Tiny heaved himself to his feet, and the sofa sighed in gratitude. “And mine,” he said.
It hadn’t snowed during the night, but the wind had dusted the Jeep with fine cold sparkles of blown snowflake, which was very attractive on its new color. It was now a gleaming black, and sported Massachusetts license plates, with no medical degree but with enough plausibility to survive a trooper’s computer check. Now, as they wiped snow off the windows with their gloves, Tiny said, “You know, Dortmunder, time hangs heavy on your hands, why not steal the whole county?”
“And do what with it?”
“Move it farther south,” Tiny suggested.
13
Little Feather didn’t want to be associated with any of those people, not in anyone else’s mind, just in case sometime in the future she might want to be able to deny them, so she’d made Fitzroy sign over the motor home’s title to her, making herself more or less legal. She also wouldn’t travel from Whispering Pines Campground to the Four Winds motel and back by cab, nor would she permit Irwin and Fitzroy—it was always the two of them, that’s how much they trusted each other—to pick her up at the motor home. First, they would agree on a time, and then she would call a cab to take her for the inexpensive run into Plattsburgh, to a big supermarket there, where Irwin and Fitzroy would be waiting for her. They’d meet, discuss, do what they had to do, and then they’d return her to the supermarket, where she’d buy some grapefruit and Swedish flat bread and other necessities, and then call another cab to return her to the campground.

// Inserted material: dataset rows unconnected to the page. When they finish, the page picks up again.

(* Let $R_n(x)=\sum_{k=0}^nR_{n,k}x^k$ for $n\ge1$. For integers $n\ge k\ge 0$ let $B_{n,k}=B_{n,k}(x_1,x_2,\dots,x_{n-k+1})$ be the partial Bell polynomials, defined by $\sum_{n\ge k}B_{n,k}\frac{t^n}{n!}=\frac1{k!}\big(\sum_{i\ge1}x_i\frac{t^i}{i!}\big)^k$. When $x_i=(1-x^2)^{\lfloor (i-1)/2\rfloor}$ for each $i\ge1$, we have, for $n\ge 1$, $$R_{n+1}(x)=\sum_{k=1}^{n}(-1)^{n-k}k!\,(1+x)^{k+1}B_{n,k}.$$
   Context: Let $D$ be the derivation of $\mathbb{Q}[y,z]$ with $D(y)=z^2$, $D(z)=yz$ (corresponding to $d/dx$ with $y=\tan x$, $z=\sec x$). The integers $R_{n,k}$ are defined for $n\ge1$ by $D^n(y+z)=\sum_{k=0}^nR_{n,k}y^{n-k}z^{k+1}$ in $\mathbb{Q}[y,z]$. Equivalently, $R_1(x)=1+x$ and $R_{n+1}(x)=(1+nx^2)R_n(x)+x(1-x^2)R_n'(x)$ for $n\ge1$. *)

From HB Require Import structures.
From mathcomp Require Import all_boot all_order all_algebra.
Set Implicit Arguments. Unset Strict Implicit. Unset Printing Implicit Defensive.
Import Order.TTheory GRing.Theory Num.Theory.
Local Open Scope ring_scope.

(* Q[y,z] is represented as {poly {poly rat}}: the outer variable is z,
   the inner variable (coefficients) is y.  The monomial y^a z^b of p has
   coefficient (p`_b)`_a. *)
Definition QYZ := {poly {poly rat}}.
Definition yv : QYZ := ('X : {poly rat})%:P.
Definition zv : QYZ := 'X.

(* The derivation D of Q[y,z] with D y = z^2, D z = y z :
   D p = (dp/dy) * D y + (dp/dz) * D z. *)
Definition Dder (p : QYZ) : QYZ :=
  map_poly (@deriv rat) p * zv ^+ 2 + p^`() * (yv * zv).

Definition Rcoef (n k : nat) : rat :=
  ((iter n Dder (yv + zv))`_(k.+1))`_(n - k).

Definition Rpoly (n : nat) : {poly rat} := \poly_(k < n.+1) Rcoef n k.

(* Only the terms i <= n can contribute to [t^n]. *)
Definition bellB (n k : nat) (xs : nat -> {poly rat}) : {poly rat} :=
  let S : {poly {poly rat}} :=
    \sum_(1 <= i < n.+1) (((i`!)%:R^-1 : rat) *: xs i) *: 'X^i in
  ((n`!)%:R / (k`!)%:R : rat) *: (S ^+ k)`_n.

Definition xsR (i : nat) : {poly rat} := (1 - 'X^2) ^+ ((i.-1)./2).

(* Let F_m = D^m (y + z) and let L p = D p - y p = z D (p / z).  L is a twisted
   derivation, L (p q) = D p * q + p * L q, so Leibniz's rule gives
     L^n (F_1 (z - y)) = sum_i C(n, i) F_(n-i+1) L^i (z - y).
   As F_1 (z - y) = z (z^2 - y^2) and z^2 - y^2 is a first integral of D,
   the left side vanishes for n >= 1, while L^i (z - y) is an explicit power
   of y^2 - z^2, times 1 or -y.  Each F_m is homogeneous, so putting y = 1
   turns F_m into x R_m and the identity into the binomial convolution
     sum_i C(m, i) (-1)^i a_i R_(m-i+1) = [m = 0] (1 + x),
   with a_0 = 1 and a_i = (1 + x) x_i.  In exponential generating functions,
   (-1)^j R_(j+1) is therefore the coefficient sequence of
   (1 + x) / (1 + (1 + x) S(t)), S(t) = sum_i x_i t^i / i!; expanding the
   geometric series and comparing with the definition of B_(n,k) gives the
   formula. *)

From HB Require Import structures.
From mathcomp Require Import all_boot all_order all_algebra.
From mathcomp Require Import ring zify.
Import Order.TTheory GRing.Theory Num.Theory.
Set Implicit Arguments. Unset Strict Implicit. Unset Printing Implicit Defensive.
Local Open Scope ring_scope.

Section BinomialConvolution.
Variable R : comPzRingType.

Definition binconv (a x : nat -> R) (m : nat) : R :=
  \sum_(i < m.+1) 'C(m, i)%:R * (a i * x (m - i)%N).

Lemma binconvS (a x : nat -> R) m :
  binconv a x m.+1 = binconv a (fun j => x j.+1) m + binconv (fun i => a i.+1) x m.
Proof.
rewrite /binconv big_ord_recl bin0 subn0 mul1r.
under eq_bigr => i _ do rewrite lift0 subSS binS natrD mulrDl.
rewrite big_split /= addrA; congr (_ + _); apply/esym.
rewrite big_ord_recl bin0 subn0 mul1r [X in _ = _ + X]big_ord_recr.
rewrite bin_small // mul0r /= addr0; congr (_ + _); apply: eq_bigr => i _.
by rewrite -[bump 0 i]/(i.+1) subnSK.
Qed.

Lemma binconvM (c d : R) (a x : nat -> R) m :
  binconv (fun i => c * a i) (fun j => d * x j) m = c * d * binconv a x m.
Proof.
rewrite /binconv mulr_sumr; apply: eq_bigr => i _.
by rewrite mulrACA [LHS]mulrCA.
Qed.

Lemma binconv_sign (a x : nat -> R) m :
  binconv (fun i => (-1) ^+ i * a i) (fun j => (-1) ^+ j * x j) m =
  (-1) ^+ m * binconv a x m.
Proof.
rewrite /binconv mulr_sumr; apply: eq_bigr => i _.
by rewrite mulrACA -exprD subnKC -1?ltnS // [LHS]mulrCA.
Qed.

Lemma binconv_inj (a x y : nat -> R) n : a 0%N = 1 ->
  (forall m, (m <= n)%N -> binconv a x m = binconv a y m) ->
  forall m, (m <= n)%N -> x m = y m.
Proof.
move=> a0 eq_conv; elim/ltn_ind => m IHm le_mn.
have := eq_conv m le_mn; rewrite /binconv !big_ord_recl bin0 subn0 a0 !mul1r.
suff -> : \sum_(i < m) 'C(m, lift ord0 i)%:R * (a (lift ord0 i) * x (m - lift ord0 i)%N) =
          \sum_(i < m) 'C(m, lift ord0 i)%:R * (a (lift ord0 i) * y (m - lift ord0 i)%N).
  exact: addIr.
apply: eq_bigr => i _; rewrite IHm // lift0; have := ltn_ord i; lia.
Qed.

Lemma eq_binconv (a a' x x' : nat -> R) m :
  a =1 a' -> x =1 x' -> binconv a x m = binconv a' x' m.
Proof. by move=> eq_a eq_x; apply: eq_bigr => i _; rewrite eq_a eq_x. Qed.

End BinomialConvolution.

Lemma rmorph_binconv (R S : comPzRingType) (f : {rmorphism R -> S}) a x m :
  f (binconv a x m) = binconv (f \o a) (f \o x) m.
Proof.
by rewrite rmorph_sum; apply: eq_bigr => i _; rewrite /= !rmorphM rmorph_nat.
Qed.

Section TwistedLeibniz.
Variables (R : comPzRingType) (D : {additive R -> R}).
Hypothesis DM : forall p q, D (p * q) = D p * q + p * D q.

Lemma der1 : D 1 = 0.
Proof.
have := DM 1 1; rewrite !mulr1 mul1r => D1_double.
by apply: (@addrI _ (D 1)); rewrite -D1_double addr0.
Qed.

Lemma der_expr_eq0 (x : R) m : D x = 0 -> D (x ^+ m) = 0.
Proof.
move=> Dx0; elim: m => [|m IHm]; first exact: der1.
by rewrite exprS DM Dx0 IHm mul0r mulr0 addr0.
Qed.

Variable a : R.

Definition twist (p : R) : R := D p - a * p.

Lemma twist_is_zmod_morphism : zmod_morphism twist.
Proof. by move=> p q; rewrite /twist raddfB; ring. Qed.

HB.instance Definition _ := GRing.isZmodMorphism.Build R R twist
  twist_is_zmod_morphism.

Lemma twistM p q : twist (p * q) = D p * q + p * twist q.
Proof. by rewrite /twist DM mulrBr mulrCA addrA. Qed.

Lemma iter_twistM n p q :
  iter n twist (p * q) =
  binconv (fun i => iter i twist q) (fun j => iter j D p) n.
Proof.
elim: n => [|n IHn]; first by rewrite /binconv big_ord1 mul1r mulrC.
rewrite binconvS iterS IHn /binconv raddf_sum -big_split.
apply: eq_bigr => i _.
by rewrite raddfMnat /= [iter i twist q * _]mulrC twistM; ring.
Qed.

End TwistedLeibniz.

Lemma natr_fact_neq0 k : ((k`!)%:R : rat) != 0.
Proof. by rewrite pnatr_eq0 -lt0n fact_gt0. Qed.

Section ExponentialGeneratingFunction.
Variable A : comAlgType rat.

Definition egf n (x : nat -> A) : {poly A} :=
  \poly_(i < n.+1) ((((i`!)%:R)^-1 : rat) *: x i).

Lemma coef_egfM n x (P : {poly A}) m : (m <= n)%N ->
  (egf n x * P)`_m =
  (((m`!)%:R)^-1 : rat) *: binconv x (fun j => ((j`!)%:R : rat) *: P`_j) m.
Proof.
move=> le_mn; rewrite coefM /binconv scaler_sumr; apply: eq_bigr => i _.
have le_im : (i <= m)%N by rewrite -ltnS.
rewrite coef_poly (leq_ltn_trans le_im) // mulr_natl -scaler_nat -scalerAr.
rewrite -scalerAl !scalerA; congr (_ *: _).
rewrite -(bin_fact le_im) !natrM; field.
by rewrite !natr_fact_neq0 pnatr_eq0 -lt0n bin_gt0.
Qed.

End ExponentialGeneratingFunction.

Lemma coef_expr_lt (R : nzRingType) (p : {poly R}) k i :
  p`_0 = 0 -> (i < k)%N -> (p ^+ k)`_i = 0.
Proof.
move=> p0; elim: k i => [//|k IHk] i lt_ik.
rewrite exprS coefM big1 // => [[[|j] lt_ji]] _ /=; first by rewrite p0 mul0r.
by rewrite IHk ?mulr0 //; lia.
Qed.

Lemma map_deriv_M (p q : QYZ) : map_poly (@deriv rat) (p * q) =
  map_poly (@deriv rat) p * q + p * map_poly (@deriv rat) q.
Proof.
apply/polyP => i; rewrite coefD coef_map /= !coefM raddf_sum -big_split /=.
by apply: eq_bigr => j _; rewrite derivM !coef_map.
Qed.

Lemma DderM (p q : QYZ) : Dder (p * q) = Dder p * q + p * Dder q.
Proof. by rewrite /Dder map_deriv_M derivM; ring. Qed.

Lemma Dder_is_zmod_morphism : zmod_morphism Dder.
Proof. by move=> p q; rewrite /Dder raddfB derivB; ring. Qed.

HB.instance Definition _ := GRing.isZmodMorphism.Build QYZ QYZ Dder
  Dder_is_zmod_morphism.

Lemma Dder_y : Dder yv = zv ^+ 2.
Proof. by rewrite /Dder /yv map_polyC /= derivC derivX mul0r addr0 mul1r. Qed.

Lemma Dder_z : Dder zv = yv * zv.
Proof.
have map_deriv_z : map_poly (@deriv rat) zv = 0.
  apply/polyP => i; rewrite coef_map coefX coef0.
  by case: (i == 1)%N => /=; rewrite ?deriv0 // -polyC1 derivC.
by rewrite /Dder map_deriv_z mul0r add0r derivX mul1r.
Qed.

(* sec^2 x - tan^2 x = 1; a first integral of D. *)
Definition pyth : QYZ := zv ^+ 2 - yv ^+ 2.

Lemma Dder_pyth : Dder pyth = 0.
Proof. by rewrite /pyth raddfB /= !expr2 !DderM Dder_y Dder_z; ring. Qed.

(* Ltan p = z D (p / z): differentiation conjugated by cos x = 1 / z. *)
Definition Ltan : QYZ -> QYZ := twist Dder yv.

(* kappa i = z D^i ((z - y) / z), i.e. sec x (d/dx)^i (1 - sin x). *)
Definition kappa (i : nat) : QYZ :=
  if i is j.+1 then (- pyth) ^+ (j./2).+1 * (if odd j then - yv else 1)
  else zv - yv.

Lemma Ltan_kappa i : Ltan (kappa i) = kappa i.+1.
Proof.
rewrite /Ltan /twist; case: i => [|j] /=.
  by rewrite (raddfB Dder) /= Dder_y Dder_z /pyth expr1; ring.
rewrite DderM (der_expr_eq0 DderM) ?(raddfN Dder) /= ?Dder_pyth ?oppr0 // mul0r add0r.
rewrite uphalf_half; case: (odd j) => /=; last by rewrite (der1 DderM); ring.
by rewrite (raddfN Dder) /= Dder_y add1n !exprS /pyth; ring.
Qed.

And that’s the way it happened today. Cab number one dropped her off at the supermarket. She went in the automatic in door, U-turned, went out the automatic out door, and there were Irwin and Fitzroy in the Voyager, which had never really worked well since the night Irwin had started it without benefit of key. (Which she hadn’t learned about, of course, until much later.)
Irwin always drove, Fitzroy beside him, and she traveled in back. Getting aboard, sliding the door shut, she said, “You mailed it?”
As Irwin drove them away across Plattsburgh toward Route 9 southward to the Four Winds, Fitzroy said, “They’ll be reading it today.”
“And then changing their pants,” Irwin commented.
“Good,” Little Feather said, meaning the letter having been delivered, not the casino managers changing their pants. But in fact, now that it had begun, she herself was feeling just the least bit nervous.
She wasn’t used to anxiety attacks, they didn’t suit her lifestyle. Little Feather had made her own way since she was fifteen and still known as Shirley Ann Farraff, when she’d left home and Cher first had become her ideal. She’d been a pony in Vegas shows, she’d gone through dealer’s school to become an accredited blackjack dealer, she’d waitressed or worked in department stores when times were bad, and she’d always come out okay. She’d never hooked, she’d never made the mistake of counting on a man instead of herself, and she’d never been proved wrong. When you count on yourself, you know whether or not you’re counting on somebody you can trust, and Little Feather was somebody that Little Feather could trust absolutely, so what was there ever to get nervous about?